One solution appears to have been devised by the first eight fellows by examination: get another string to your bow that will allow at least some alternative practice away from these pressures. But should we be advocating career diversion for these highly trained and experienced clinicians at what would be a peak period of clinical expertise for most other specialists? Should we not be considering some other solutions? Perhaps being a consultant in emergency medicine should be more than just a name, but a practice description, and ED consultants should really be paid to consult.
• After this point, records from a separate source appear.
(* Binary words are coded by naturals: the children of node [w] are [2 w] and [2 w + 1]
   and the parent of [v] is [Nat.div2 v]; [prefix_code a n] is the node at level [n]
   on the branch [a]. *)
Fixpoint prefix_code (a : nat -> bool) (n : nat) : nat :=
  match n with
  | O => O
  | S n => if a n then S (2 * prefix_code a n) else (2 * prefix_code a n)%nat
  end.

Lemma prefix_code_div2 a n : Nat.div2 (prefix_code a (S n)) = prefix_code a n.
Proof. simpl. destruct (a n); [apply Nat.div2_succ_double | apply Nat.div2_double]. Qed.

Lemma prefix_code_lt a n : (prefix_code a n < 2 ^ n)%nat.
Proof. induction n as [|n IH]; simpl; [lia|]. destruct (a n); lia. Qed.

Lemma prefix_code_agree a b n : agree_upto n a b -> prefix_code a n = prefix_code b n.
Proof.
  induction n as [|n IH]; intros H; [reflexivity|].
  simpl. rewrite (H n) by lia. rewrite IH; [reflexivity | intros i Hi; apply H; lia].
Qed.

Section Metric.

Variables (X : Type) (d : X -> X -> R).
Hypothesis Hmetric : is_metric d.

Lemma dist_nonneg x y : 0 <= d x y.
Proof. exact (proj1 Hmetric x y). Qed.

Lemma dist_refl x : d x x = 0.
Proof. now apply (proj1 (proj2 Hmetric)). Qed.

Lemma dist_eq0 x y : d x y = 0 -> x = y.
Proof. apply (proj1 (proj2 Hmetric)). Qed.

Lemma dist_sym x y : d x y = d y x.
Proof. exact (proj1 (proj2 (proj2 Hmetric)) x y). Qed.

Lemma dist_triangle x y z : d x z <= d x y + d y z.
Proof. exact (proj2 (proj2 (proj2 Hmetric)) x y z). Qed.

(* Triangle-inequality certificate that the closed ball [B(x', r')] lies in [B(x, r)]. *)
Definition subball (x' : X) (r' : R) (x : X) (r : R) : Prop := d x' x + r' <= r.

Lemma subball_refl x r : subball x r x r.
Proof. unfold subball. rewrite dist_refl. lra. Qed.

Lemma subball_trans {x'' r'' x' r' x r} :
  subball x'' r'' x' r' -> subball x' r' x r -> subball x'' r'' x r.
Proof. unfold subball. pose proof (dist_triangle x'' x' x). lra. Qed.

Lemma subball_radius_le {x' r' x r} : subball x' r' x r -> r' <= r.
Proof. unfold subball. pose proof (dist_nonneg x' x). lra. Qed.

Lemma subball_mem {x' r' x r y} : subball x' r' x r -> d x' y <= r' -> d x y <= r.
Proof.
  unfold subball. pose proof (dist_triangle x x' y). rewrite (dist_sym x x') in *. lra.
Qed.

Lemma image_homeomorphic_to_cantor (phi : (nat -> bool) -> X) :
  cantor_embedding d phi -> homeomorphic_to_cantor d (fun x => exists a, x = phi a).
Proof.
  intros Hphi.
  pose proof (cantor_embedding_injective d phi dist_refl Hphi) as Hinj.
  assert (Hval_inj : forall a b, ternary_value a = ternary_value b -> a = b).
  { apply (cantor_embedding_injective Rdist).
    - apply R_dist_eq.
    - exact ternary_value_embedding. }
  set (code x := epsilon (inhabits (fun _ : nat => false)) (fun a => x = phi a)).
  assert (Hcode : forall a, code (phi a) = a).
  { intros a. apply Hinj. symmetry.
    apply (epsilon_spec _ (fun b => phi a = phi b)). now exists a. }
  exists (fun x => ternary_value (code x)). repeat split.
  - intros x _. apply ternary_value_cantor.
  - intros x y [a ->] [b ->]. rewrite !Hcode. now intros ->%Hval_inj.
  - intros c Hc. destruct (cantor_ternary_value c Hc) as [a ->].
    exists (phi a). split; [now exists a | now rewrite Hcode].
  - intros x eps [a ->] Heps.
    destruct (proj1 ternary_value_embedding a eps Heps) as [m Hm].
    destruct (proj2 Hphi a m) as [delta [Hdelta Hd]].
    exists delta. split; [exact Hdelta|]. intros y [b ->] Hab.
    rewrite !Hcode, Rabs_minus_sym. exact (Hm b (Hd b Hab)).
  - intros x eps [a ->] Heps.
    destruct (proj1 Hphi a eps Heps) as [m Hm].
    destruct (proj2 ternary_value_embedding a m) as [delta [Hdelta Hd]].
    exists delta. split; [exact Hdelta|]. intros y [b ->] Hab.
    rewrite !Hcode, Rabs_minus_sym in Hab. exact (Hm b (Hd b Hab)).
Qed.

Lemma dense_sequence_of_separable (x0 : X) :
  separable_metric d ->
  exists q : nat -> X, forall x eps, 0 < eps -> exists m, d x (q m) < eps.
Proof.
  intros [D [[h Hh] HD]].
  exists (fun m => epsilon (inhabits x0) (fun y => D y /\ h y = m)).
  intros x eps Heps. destruct (HD x eps Heps) as [y [Hy Hxy]]. exists (h y).
  assert (Hspec : D (epsilon (inhabits x0) (fun z => D z /\ h z = h y)) /\
                  h (epsilon (inhabits x0) (fun z => D z /\ h z = h y)) = h y)
    by (apply epsilon_spec; now exists y).
  rewrite (Hh _ y (proj1 Hspec) Hy (proj2 Hspec)). exact Hxy.
Qed.

(* Level [n+1] of a tree of closed balls from level [n], nodes coded as in [prefix_code].  The
   factor [2] in [splits_apart] puts points of sibling balls further apart than either radius. *)
Record splits (c : nat -> X) (r : nat -> R) (c' : nat -> X) (r' : nat -> R) : Prop := {
  splits_pos : forall v, 0 < r' v;
  splits_nested : forall v, subball (c' v) (r' v) (c (Nat.div2 v)) (r (Nat.div2 v));
  splits_half : forall v, r' v <= r (Nat.div2 v) / 2;
  splits_apart : forall w,
    2 * r' (2 * w)%nat + 2 * r' (S (2 * w)) < d (c' (2 * w)%nat) (c' (S (2 * w)))
}.

Record cantor_scheme (c : nat -> nat -> X) (r : nat -> nat -> R) : Prop := {
  scheme_root : forall w, 0 < r O w <= 1;
  scheme_splits : forall n, splits (c n) (r n) (c (S n)) (r (S n))
}.

Arguments splits_pos {c r c' r'}.
Arguments splits_nested {c r c' r'}.
Arguments splits_half {c r c' r'}.
Arguments splits_apart {c r c' r'}.
Arguments scheme_root {c r}.
Arguments scheme_splits {c r}.

Lemma splits_children_apart {c r c' r'} (Hs : splits c r c' r') w x y :
  d (c' (2 * w)%nat) x <= r' (2 * w)%nat -> d (c' (S (2 * w))) y <= r' (S (2 * w)) ->
  r' (2 * w)%nat + r' (S (2 * w)) < d x y.
Proof.
  intros Hx Hy. pose proof (splits_apart Hs w).
  pose proof (dist_triangle (c' (2 * w)%nat) x (c' (S (2 * w)))).
  pose proof (dist_triangle x y (c' (S (2 * w)))). rewrite (dist_sym y) in *. lra.
Qed.

Section Scheme.

Hypothesis Hcomplete : complete_metric d.
Variables (c : nat -> nat -> X) (r : nat -> nat -> R).
Hypothesis Hscheme : cantor_scheme c r.

Lemma scheme_radius_pos n w : 0 < r n w.
Proof.
  destruct n as [|n].
  - apply (scheme_root Hscheme).
  - apply (splits_pos (scheme_splits Hscheme n)).
Qed.

Lemma scheme_radius_le n w : r n w <= / 2 ^ n.
Proof.
  revert w. induction n as [|n IH]; intros w.
  - rewrite pow_O, Rinv_1. apply (scheme_root Hscheme).
  - pose proof (splits_half (scheme_splits Hscheme n) w). pose proof (IH (Nat.div2 w)).
    simpl pow. rewrite Rinv_mult. lra.
Qed.

Lemma scheme_nested a n k :
  subball (c (n + k)%nat (prefix_code a (n + k))) (r (n + k)%nat (prefix_code a (n + k)))
          (c n (prefix_code a n)) (r n (prefix_code a n)).
Proof.
  induction k as [|k IH].
  - rewrite Nat.add_0_r. apply subball_refl.
  - rewrite Nat.add_succ_r. eapply subball_trans; [|exact IH].
    rewrite <- (prefix_code_div2 a (n + k)).
    apply (splits_nested (scheme_splits Hscheme (n + k))).
Qed.

Lemma scheme_cauchy a : cauchy_seq d (fun n => c n (prefix_code a n)).
Proof.
  intros eps Heps. destruct (exists_inv_pow_lt 2 (eps / 2)) as [N HN]; [lra | lra |].
  exists N. intros m k Hm Hk.
  pose proof (scheme_nested a N (m - N)) as Hsm. pose proof (scheme_nested a N (k - N)) as Hsk.
  replace (N + (m - N))%nat with m in Hsm by lia.
  replace (N + (k - N))%nat with k in Hsk by lia.
  unfold subball in *.
  pose proof (scheme_radius_pos m (prefix_code a m)).
  pose proof (scheme_radius_pos k (prefix_code a k)).
  pose proof (scheme_radius_le N (prefix_code a N)).
  pose proof (dist_triangle (c m (prefix_code a m)) (c N (prefix_code a N))
                (c k (prefix_code a k))).
  rewrite (dist_sym (c N _)) in *. lra.
Qed.

Definition scheme_point (a : nat -> bool) : X :=
  epsilon (inhabits (c O O)) (converges_to d (fun n => c n (prefix_code a n))).

Lemma scheme_point_cv a : converges_to d (fun n => c n (prefix_code a n)) (scheme_point a).
Proof. unfold scheme_point. apply epsilon_spec, Hcomplete, scheme_cauchy. Qed.

Lemma scheme_point_in_ball a n :
  d (c n (prefix_code a n)) (scheme_point a) <= r n (prefix_code a n).
Proof.
  apply Rnot_lt_le. intros Hlt.
  destruct (scheme_point_cv a _ (proj2 (Rlt_0_minus _ _) Hlt)) as [N HN].
  specialize (HN (n + N)%nat ltac:(lia)). simpl in HN.
  pose proof (scheme_nested a n N) as Hsub. unfold subball in Hsub.
  pose proof (scheme_radius_pos (n + N) (prefix_code a (n + N))).
  pose proof (dist_triangle (c n (prefix_code a n)) (c (n + N)%nat (prefix_code a (n + N)))
                (scheme_point a)).
  rewrite (dist_sym (c (n + N)%nat _) (c n _)) in Hsub. lra.
Qed.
That is, senior consultants might have relatively little direct clinical load, but provide senior, experienced input at point of first referral from departmental colleagues, either junior consultants or registrars in training. Perhaps there are other models of practice that need to be explored to help retain the expertise and experience of these extremely valuable emergency physicians in clinical emergency medicine. Perhaps we should be exploring alternative ways of rostering the workforce to reduce the burden of out-of-hours work for more senior consultants.
It would be a great shame if the implication in Ron Hirsch's question 25 years ago, that we are going to have to find something else to do in the latter part of our careers, became the normal career trajectory for Australasian emergency physicians. It is our patients and the health-care system that would suffer if they were to miss out on the accumulated expertise of this group of experienced and capable clinicians.